On Sun, 05 Mar 2006 14:15:42 GMT, chuck wrote:

While opinions about accuracy vary, no numbers have been posted. Come
Spring, it would be great to see a couple of sailors with RDF's take
them out of hiding and check their accuracy against their GPS.


I used to rely on an RDF back in the 70s and have a good feel for both
accuracy and the source of errors. I'm not talking about aircraft
type VHF/VOR, but rather the traditional marine HF radio type with
rotatating antenna sensor.

RDF works by providing a bearing to a known object, in this case the
radio tower which is plotted on a chart. The bearing provided by the
RDF was typically relative to the heading of the boat except for the
hand held RDFs with built in bearing compass.
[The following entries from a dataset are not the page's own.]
(** ** Simultaneous maximisation over a class closed under countable unions *)

Lemma lub_approx (E : R -> Prop) (s eps : R) :
  is_lub E s -> 0 < eps -> exists r, E r /\ s - eps < r.
Proof.
  intros [_ hleast] he. apply NNPP; intro hn.
  assert (hub : is_upper_bound E (s - eps)).
  { intros r hr. apply Rnot_lt_le. intro hlt. apply hn. eauto. }
  pose proof (hleast _ hub). lra.
Qed.

(** If C is nonempty and closed under countable unions, and the f_i are monotone
    and bounded, then one element of C maximises all the f_i at once: take the union
    of near-maximisers for every i and every precision 1/(m+1). *)
Lemma simultaneous_maximizer {T : Type} (C : set (set T)) (f : nat -> set T -> R) (M : R) :
  (exists G0, C G0) ->
  (forall G : nat -> set T, (forall n, C (G n)) -> C (fun x => exists n, G n x)) ->
  (forall i (G G' : set T), C G -> C G' -> (forall x, G x -> G' x) -> f i G <= f i G') ->
  (forall i G, C G -> f i G <= M) ->
  exists Gstar, C Gstar /\ forall i G, C G -> f i G <= f i Gstar.
Proof.
  intros [G0 hG0] hunion hmono hbound.
  set (values := fun i r => exists G, C G /\ r = f i G).
  assert (hsup : forall i, {s : R | is_lub (values i) s}).
  { intro i. apply completeness.
    - exists M. intros r [G [hG ->]]. auto.
    - exists (f i G0), G0. auto. }
  set (s := fun i => proj1_sig (hsup i)).
  assert (hs : forall i, is_lub (values i) (s i)) by (intro i; exact (proj2_sig (hsup i))).
  assert (happrox : forall i m, exists G, C G /\ s i - / INR (S m) < f i G).
  { intros i m. destruct (lub_approx _ _ (/ INR (S m)) (hs i)) as [r [[G [hG ->]] hr]].
    - apply Rinv_0_lt_compat, lt_0_INR; lia.
    - eauto. }
  destruct (choice (fun (im : nat * nat) G =>
                      C G /\ s (fst im) - / INR (S (snd im)) < f (fst im) G)) as [Ga hGa].
  { intros [i m]. apply happrox. }
  set (Gstar := fun x => exists i m, Ga (i, m) x).
  assert (hCstar : C Gstar).
  { apply hunion. intro i. apply (hunion (fun m => Ga (i, m))). intro m. apply (hGa (i, m)). }
  exists Gstar. split; [exact hCstar|]. intros i G hG.
  assert (hle_sup : f i G <= s i) by (apply (proj1 (hs i)); exists G; auto).
  assert (hsup_le : s i <= f i Gstar).
  { apply Rnot_lt_le; intro hlt.
    destruct (archimed_cor1 (s i - f i Gstar) ltac:(lra)) as [[|m] [hm1 hm2]]; [lia|].
    pose proof (proj2 (hGa (i, m))) as hfar. cbn [fst snd] in hfar.
    assert (f i (Ga (i, m)) <= f i Gstar)
      by (apply hmono; [apply (hGa (i, m)) | exact hCstar | intros x hx; exists i, m; exact hx]).
    lra. }
  lra.
Qed.

(** ** The decomposition *)

Section Decomposition.
Variables Omega T : Type.
Variable F : set (set Omega).
Variable P : set Omega -> R.
Variable Sg : set (set T).
Variable pi : Omega -> set T.
Hypothesis hP : probability F P.
Hypothesis hS : sigma_algebra Sg.
Hypothesis hpi : cr_set F Sg pi.

Definition as_finite_on (B : set T) : Prop :=
  P (fun w => card_is (setI B (pi w)) None) = 0.

Definition as_sigma_finite (G : set T) : Prop :=
  exists B : nat -> set T, (forall i, Sg (B i) /\ as_finite_on (B i)) /\
    forall x, G x <-> exists i, B i x.

Lemma as_sigma_finite_measurable (G : set T) : as_sigma_finite G -> Sg G.
Proof.
  intros [B [hB hG]]. apply (sa_ext _ _ _ (sa_union hS B (fun i => proj1 (hB i)))).
  intro x; rewrite hG; tauto.
Qed.

Lemma as_sigma_finite_empty : as_sigma_finite (fun _ => False).
Proof.
  exists (fun _ _ => False). split; [|firstorder]. intro i. split; [apply (sa_empty hS)|].
  unfold as_finite_on. rewrite <- (prob_empty hP). f_equal.
  apply set_ext; intro w; split; [|tauto].
  intro h. destruct (h nil) as [x [[hx _] _]]; auto.
Qed.

Lemma as_sigma_finite_union (G : nat -> set T) :
  (forall n, as_sigma_finite (G n)) -> as_sigma_finite (fun x => exists n, G n x).
Proof.
  intros hG. destruct (choice (fun n B => (forall i, Sg (B i) /\ as_finite_on (B i)) /\
                                          forall x, G n x <-> exists i, B i x) hG) as [B hB].
  exists (fun i => B (fst (Cantor.of_nat i)) (snd (Cantor.of_nat i))). split.
  - intro i. apply hB.
  - intro x. split.
    + intros [n hn]. apply (proj2 (hB n)) in hn. destruct hn as [m hm].
      exists (Cantor.to_nat (n, m)). rewrite Cantor.cancel_of_to. exact hm.
    + intros [i hi]. exists (fst (Cantor.of_nat i)). apply (proj2 (hB _)). eauto.
Qed.

Lemma as_sigma_finite_add (G A : set T) :
  as_sigma_finite G -> Sg A -> as_finite_on A -> as_sigma_finite (fun x => G x \/ A x).
Proof.
  intros [B [hB hG]] hA hfA.
  exists (fun i => match i with 0%nat => A | S i => B i end). split.
  - intros [|i]; auto.
  - intro x; rewrite hG; split.
    + intros [[i hi]|hx]; [exists (S i) | exists 0%nat]; auto.
    + intros [[|i] hi]; [right | left; exists i]; auto.
Qed.

(** Property (i) holds for every G ∈ Gs: off the null event N where some |π ∩ B_i| is
    infinite, π ∩ G is finite on each B_i and empty on G^c. *)
Lemma as_sigma_finite_prop_i (G : set T) : as_sigma_finite G -> prop_i F P Sg pi G.
Proof.
  intro hGs. assert (hF := prob_sigma_algebra hP).
  assert (hGm := as_sigma_finite_measurable G hGs).
  destruct hGs as [B [hB hG]].
  set (N := fun w => exists i, card_is (setI (B i) (pi w)) None).
  assert (hN : F N) by (apply (sa_union hF); intro i; apply (meas_cardeq pi _ _ hpi); apply hB).
  assert (hPN : P N = 0).
  { apply (prob_null_union hP); intro i; [apply (meas_cardeq pi _ _ hpi) | ]; apply hB. }
  exists (fun w x => ~ N w /\ (pi w x /\ G x)). split.
  - split; [exact (cr_set_restrict_off hS pi G N hF hpi hGm hN)|].
    exists N. split; auto. split; auto. intros w hw x. unfold cr_inter, setI. tauto.
  - exists (fun n => match n with 0%nat => setC G | S i => B i end). split; [|split].
    + intros [|i]; [exact (sa_compl hS G hGm) | apply hB].
    + intro x. destruct (classic (G x)) as [hx|hx].
      * apply hG in hx; destruct hx as [i hi]; exists (S i); auto.
      * exists 0%nat; auto.
    + intros w [|i].
      * apply (finite_of_cover nil). intros x [[_ [_ h1]] h2]. contradiction.
      * destruct (card_total (setI (B i) (pi w))) as [[m|] hm].
        -- apply (finite_subset _ _ _ hm). intros x [[_ [h1 _]] h2]. split; auto.
        -- apply (finite_of_cover nil). intros x [[hw _] _]. exfalso; apply hw; exists i; exact hm.
Qed.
Either way, the
accuracy of the bearing was only as accurate as the compass used,
typically plus or minus 2 or 3 degrees.

A single bearing to a radio tower provides only a single line of
position, i.e., your boat is located somewhere along that line but you
don't know exactly where without a second LOP from another radio
station. Ideally the second bearing should cross the first at 90
degrees but in real life that hardly ever happens. The narrower the
crossing angle, the more that any bearing error is magnified, and the
more uncertainty that is introduced in your position plot.

Back to accuracy. An error of plus/minus 3 degrees at 10 nautical
miles translates to an uncertainty of plus/minus 3/10ths of a mile or
about 3600 feet in total. Taken with a 90 degree crossing angle of
the same error magnitude, you now have an uncertainty box about
6/10ths of a mile on each side. With less than ideal crossing angles
the uncertainty box elongates to as much as one or two miles in real
world situations.

Compare that to LORAN-Cs 100 yard accuracy, or GPS/WAAS at 10 feet and
make your own decision regarding RDF accuracy.